Discriminatoire », « anti-liberté de culte et d’expression », « misogyne », « insultante » : c’est en ces termes que les femmes détenues de Rennes ont alerté l’OIP cet été. En cause, la publication, le 2 juin 2017, d’une nouvelle note de la direction relative au « respect des tenues vestimentaires des personnes détenues ».
Afin de « respecter le principe d’une tenue vestimentaire dite correcte, respectant la pudeur et la sensibilité de chacun », les femmes se voient ainsi rappeler l’interdiction, « sous peine de sanction disciplinaire », de porter hors de leur cellule un « vêtement de type djellaba », un « short court en-deçà du genou », un « débardeur laissant paraître la poitrine et les bras nus » ou encore un « tee-shirt court laissant apparaître la partie basse du ventre ». Exceptionnellement, ces vêtements d’été « peuvent être autorisés uniquement sur cour de promenade en période estivale » – mais à condition d’être couverts par d’autres vêtements lors du trajet de la cellule à la cour.

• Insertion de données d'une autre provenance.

Lemma linear_wpt u v l :
  u * (wpt l).1 + v * (wpt l).2 = \sum_i l i * (u * (P i).1 + v * (P i).2).
Proof. by rewrite /wpt /= !mulr_sumr -big_split; apply: eq_bigr => i _ /=; ring. Qed.

Lemma orient_wpt p q l : \sum_i l i = 1 ->
  orient p q (wpt l) = \sum_i l i * orient p q (P i).
Proof.
move=> l1; have oE x : orient p q x = ((p.2 - q.2) * x.1 + (q.1 - p.1) * x.2)
    + ((q.2 - p.2) * p.1 - (q.1 - p.1) * p.2) by rewrite /orient; ring.
rewrite oE linear_wpt -[X in _ + X]mul1r -l1 mulr_suml -big_split.
by apply: eq_bigr => i _ /=; rewrite oE; ring.
Qed.

Lemma wpt_le l u v m : (forall i, 0 <= l i) -> \sum_i l i = 1 ->
  (forall i, u * (P i).1 + v * (P i).2 <= m) -> u * (wpt l).1 + v * (wpt l).2 <= m.
Proof.
move=> l0 l1 le; rewrite linear_wpt -[m]mul1r -l1 mulr_suml.
by apply: ler_sum => i _; apply: ler_wpM2l.
Qed.

Lemma wpt_level l u v m : (forall i, 0 <= l i) -> \sum_i l i = 1 ->
  (forall i, u * (P i).1 + v * (P i).2 <= m) -> u * (wpt l).1 + v * (wpt l).2 = m ->
  forall i, l i != 0 -> u * (P i).1 + v * (P i).2 = m.
Proof.
move=> l0 l1 le e i li.
have gap : \sum_j l j * (m - (u * (P j).1 + v * (P j).2)) = 0.
  transitivity (m * \sum_j l j - \sum_j l j * (u * (P j).1 + v * (P j).2)).
    by rewrite mulr_sumr -sumrB; apply: eq_bigr => j _; ring.
  by rewrite l1 mulr1 -linear_wpt e subrr.
have term_ge0 j : 0 <= l j * (m - (u * (P j).1 + v * (P j).2)).
  by rewrite mulr_ge0 // subr_ge0.
have := psumr_eq0P (fun j _ => term_ge0 j) gap (i := i) isT.
by move/eqP; rewrite mulf_eq0 (negbTE li) subr_eq0 => /eqP.
Qed.

Lemma conv_mono (C C' : pt -> Prop) z : (forall x, C x -> C' x) -> conv C z -> conv C' z.
Proof. by move=> CC' [l [l0 lC l1 ez]]; exists l; split=> // i /lC /CC'. Qed.

Lemma conv_inP (C : pt -> Prop) x : C x -> inP P x -> conv C x.
Proof.
move=> Cx [i ex]; exists (fun j => (j == i)%:R); split.
- by move=> j; case: (j == i).
- by move=> j; have [->|] := eqVneq j i; rewrite ?ex ?eqxx.
- by rewrite (bigD1 i) //= eqxx big1 ?addr0 // => j /negbTE ->.
- rewrite -ex; apply: pt_ext; rewrite /= (bigD1 i) //= eqxx mul1r big1 ?addr0 //;
    by move=> j /negbTE ->; rewrite mul0r.
Qed.

Lemma conv_comb (C : pt -> Prop) m a b : conv C a -> conv C b -> 0 <= m <= 1 ->
  conv C (comb m a b).
Proof.
move=> [la [la0 laC la1 ->]] [lb [lb0 lbC lb1 ->]] /andP [m0 m1].
exists (fun i => m * la i + (1 - m) * lb i); split.
- by move=> i; apply: addr_ge0; apply: mulr_ge0 => //; lra.
- move=> i; have [ha|/laC //] := eqVneq (la i) 0; have [hb|/lbC //] := eqVneq (lb i) 0.
  by rewrite ha hb !mulr0 addr0 eqxx.
- by rewrite big_split /= -!mulr_sumr la1 lb1; ring.
- by apply: pt_ext; rewrite /= !mulr_sumr -big_split /=; apply: eq_bigr => i _; ring.
Qed.

Lemma conv_orient_ge0 (C : pt -> Prop) z k p q : conv C z ->
  (forall x, C x -> 0 <= k * orient p q x) -> 0 <= k * orient p q z.
Proof.
case=> l [l0 lC l1 ->] hC; rewrite orient_wpt // mulr_sumr; apply: sumr_ge0 => i _.
rewrite mulrCA; have [->|/lC/hC] := eqVneq (l i) 0; first by rewrite mul0r.
exact: mulr_ge0.
Qed.

Lemma conv_not_beyond_hull (p q w : pt) m : inP P p -> on_hull P q -> p <> q ->
  conv (inP P) w -> w = comb m q p -> m <= 1.
Proof.
move=> [ip ep] [[iq eq] [u [v [uv hu]]]] pq [l [l0 _ l1 ew]] ewm.
rewrite leNgt; apply/negP => m1.
pose g (x : pt) := u * x.1 + v * x.2.
have gpq : g p <= g q by rewrite -ep; apply: hu.
have gw : g w <= g q by rewrite ew; apply: wpt_le.
have gwE : g w = m * g q + (1 - m) * g p by rewrite ewm /g /comb /=; ring.
have gpq_eq : g p = g q by nra.
have gwq : g w = g q by rewrite gwE gpq_eq; ring.
have on_pq i : l i != 0 -> i = ip \/ i = iq.
  move=> li; have gi := wpt_level l0 l1 hu (etrans (congr1 g (esym ew)) gwq) li.
  have /(orient_eq0_endpoint (ex_intro _ ip ep) (ex_intro _ iq eq) (ex_intro _ i erefl) pq) :
      orient p q (P i) = 0.
    by apply: (orient_level uv); [exact: esym gpq_eq | exact: etrans gi (esym gpq_eq)].
  by case=> e; [left|right]; apply: gp.1; rewrite e.
have ipq : ip != iq by apply/eqP => e; apply: pq; rewrite -ep -eq e.
have l0' i : i != ip -> i != iq -> l i = 0.
  by move=> hp hq; apply/eqP; apply: contraT => /on_pq [] e; [move: hp|move: hq]; rewrite e eqxx.
have lpq : l ip + l iq = 1 by rewrite -l1 (sum_support2 ipq l0').
have wE : w = comb (l ip) p q.
  rewrite ew; apply: pt_ext; rewrite /= (sum_support2 ipq) ?ep ?eq;
    by [congr (_ + _); congr (_ * _); lra | move=> i hp hq; rewrite l0' ?mul0r].
have := comb_inj pq (etrans (esym wE) (etrans ewm (comb_swap _ _ _))).
by have := l0 ip; lra.
Qed.

Lemma conv_hull_segment (p q w : pt) : on_hull P p -> on_hull P q -> p <> q ->
  conv (inP P) w -> orient p q w = 0 -> exists2 m, 0 <= m <= 1 & w = comb m p q.
Proof.
move=> hp hq pq hw o0; have [m em] := orient_eq0_comb pq o0.
exists m => //; apply/andP; split; last exact: conv_not_beyond_hull hq.1 hp (nesym pq) hw em.
have := conv_not_beyond_hull hp.1 hq pq hw (etrans em (comb_swap _ _ _)); lra.
Qed.

End ConvexCombinations.

Section HalfplaneCut.
Variables (R : realFieldType) (n : nat) (P : 'I_n -> R * R).
Hypothesis gp : general_position P.
Local Notation pt := (R * R)%type.
Local Notation wpt := (wpt P).
Local Notation conv := (conv P).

Si aucune sanction disciplinaire n’a été portée à la connaissance de l’OIP, l’application (et l’interprétation parfois hasardeuse) de ces nouvelles consignes a teinté la période estivale d’une ambiance « assez tendue », rapporte une détenue. « L’autre jour, j’avais mis une robe qui m’arrive au-dessus des genoux, et une surveillante m’a dit d’aller mettre un legging car elle était trop courte. Je ne me déplace qu’en fauteuil roulant, assise, et la robe m’arrivait aux genoux. » Une autre explique avoir vu des surveillantes contraindre des détenues à se changer durant le Ramadan alors qu’ « elles ne sortaient de leur cellule qu’au moment du repas pour prendre leur sac de coupure du jeûne ». Elle-même a dû s’expliquer longuement lorsqu’elle se rendait au parloir début juillet sur sa « robe africaine brodée (plus communément appelée boubou) » – la surveillante lui reprochant d’être en djellaba.

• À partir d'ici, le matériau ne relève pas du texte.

(* Let $(M,d)$ be a pointed metric space and let $\nu\in ba(\widetilde M)$. Then there exists a positive $\mu\in ba(\widetilde M)$ with $\Phi^*\mu=\Phi^*\nu$ and $\|\mu\|=\|\nu\|$. Consequently, for every $F\in\mathrm{Lip}_0(M)^*$ there exists a positive $\mu\in ba(\widetilde M)$ with $\Phi^*\mu=F$ and $\|\mu\|=\|F\|$.
   Context: $(M,d)$ is a metric space with base point $0$; $\mathrm{Lip}_0(M)$ is the real Banach space of Lipschitz $f\colon M\to\mathbb R$ with $f(0)=0$, normed by the best Lipschitz constant. $\widetilde M=\{(x,y)\in M\times M: x\neq y\}$. $ba(\widetilde M)$ is the Banach space of bounded finitely additive signed measures on the power set of $\widetilde M$, with norm $\|\mu\|=|\mu|(\widetilde M)$. The de Leeuw map $\Phi\colon\mathrm{Lip}_0(M)\to\ell_\infty(\widetilde M)$, $\Phi f(x,y)=(f(x)-f(y))/d(x,y)$, is a linear isometry; $\Phi^*\mu\in \mathrm{Lip}_0(M)^*$ denotes $(\Phi^*\mu)(f)=\int_{\widetilde M}\Phi f\,d\mu$. *)

From mathcomp Require Import all_boot all_order all_algebra.
From mathcomp Require Import boolp classical_sets reals.
Set Implicit Arguments. Unset Strict Implicit. Unset Printing Implicit Defensive.
Import Order.TTheory GRing.Theory Num.Theory.
Local Open Scope classical_set_scope.
Local Open Scope ring_scope.

Section Defs.
Variable R : realType.

Definition is_metric (M : Type) (d : M -> M -> R) : Prop :=
  (forall x y, d x y = 0 <-> x = y) /\
  (forall x y, d x y = d y x) /\
  (forall x y z, d x z <= d x y + d y z).

Definition Mtilde (M : Type) := {p : M * M | p.1 <> p.2}.

Definition lipschitz (M : Type) (d : M -> M -> R) (f : M -> R) : Prop :=
  exists L : R, forall x y, `|f x - f y| <= L * d x y.

Definition Lip0 (M : Type) (d : M -> M -> R) (x0 : M) (f : M -> R) : Prop :=
  lipschitz d f /\ f x0 = 0.

Definition lipnorm (M : Type) (d : M -> M -> R) (f : M -> R) : R :=
  sup [set r | exists x y, x <> y /\ r = `|f x - f y| / d x y].

Definition deLeeuw (M : Type) (d : M -> M -> R) (f : M -> R) : Mtilde M -> R :=
  fun p => (f (sval p).1 - f (sval p).2) / d (sval p).1 (sval p).2.

Definition is_partition (T : Type) (s : seq (set T)) : Prop :=
  (forall i j, (i < j)%N -> (j < size s)%N -> nth set0 s i `&` nth set0 s j = set0) /\
  \big[setU/set0]_(A <- s) A = setT.

Definition is_ba (T : Type) (mu : set T -> R) : Prop :=
  mu set0 = 0 /\
  (forall A B, A `&` B = set0 -> mu (A `|` B) = mu A + mu B) /\
  (exists C : R, forall A, `|mu A| <= C).

Definition positive_measure (T : Type) (mu : set T -> R) : Prop :=
  forall A, 0 <= mu A.

Definition ba_norm (T : Type) (mu : set T -> R) : R :=
  sup [set r | exists s : seq (set T), is_partition s /\
                 r = \sum_(A <- s) `|mu A|].

(** I is the integral of the bounded function g w.r.t. mu: limit of the
   integrals of simple functions converging uniformly to g.  A simple
   function is given as a list of (value, set) with the sets forming a
   partition. *)
Definition is_ba_integral (T : Type) (mu : set T -> R) (g : T -> R) (I : R) : Prop :=
  forall eps : R, 0 < eps -> exists delta : R, 0 < delta /\
    forall s : seq (R * set T),
      is_partition (map snd s) ->
      (forall i, (i < size s)%N -> forall x, (nth (0, set0) s i).2 x ->
          `|g x - (nth (0, set0) s i).1| <= delta) ->
      `|\sum_(p <- s) p.1 * mu p.2 - I| <= eps.

Definition ba_integral (T : Type) (mu : set T -> R) (g : T -> R) : R :=
  xget 0 [set I | is_ba_integral mu g I].

Definition Phistar (M : Type) (d : M -> M -> R) (mu : set (Mtilde M) -> R)
  (f : M -> R) : R := ba_integral mu (deLeeuw d f).

(** F is an element of Lip_0(M)^* (only its values on Lip_0(M) matter) *)
Definition Lip0_dual (M : Type) (d : M -> M -> R) (x0 : M) (F : (M -> R) -> R) : Prop :=
  (forall (f g : M -> R) (a : R), Lip0 d x0 f -> Lip0 d x0 g ->
      F (fun x => f x + a * g x) = F f + a * F g) /\
  (exists C : R, forall f, Lip0 d x0 f -> `|F f| <= C * lipnorm d f).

Contacté par l’OIP, le directeur de l’établissement justifie cette note comme rappelant les règles du « vivre ensemble », « depuis trop longtemps non respectées », et posant le principe de la préparation à la sortie : « On ne se présente pas dénudée au travail, on respecte ses interlocuteurs. » Shorts et tee-shirts ne se porteraient, selon lui, que dans les grandes villes, « et encore ». Quant au débardeur, c’est un « sous-vêtement que les hommes portaient au début du XXe siècle sous leurs chemises ».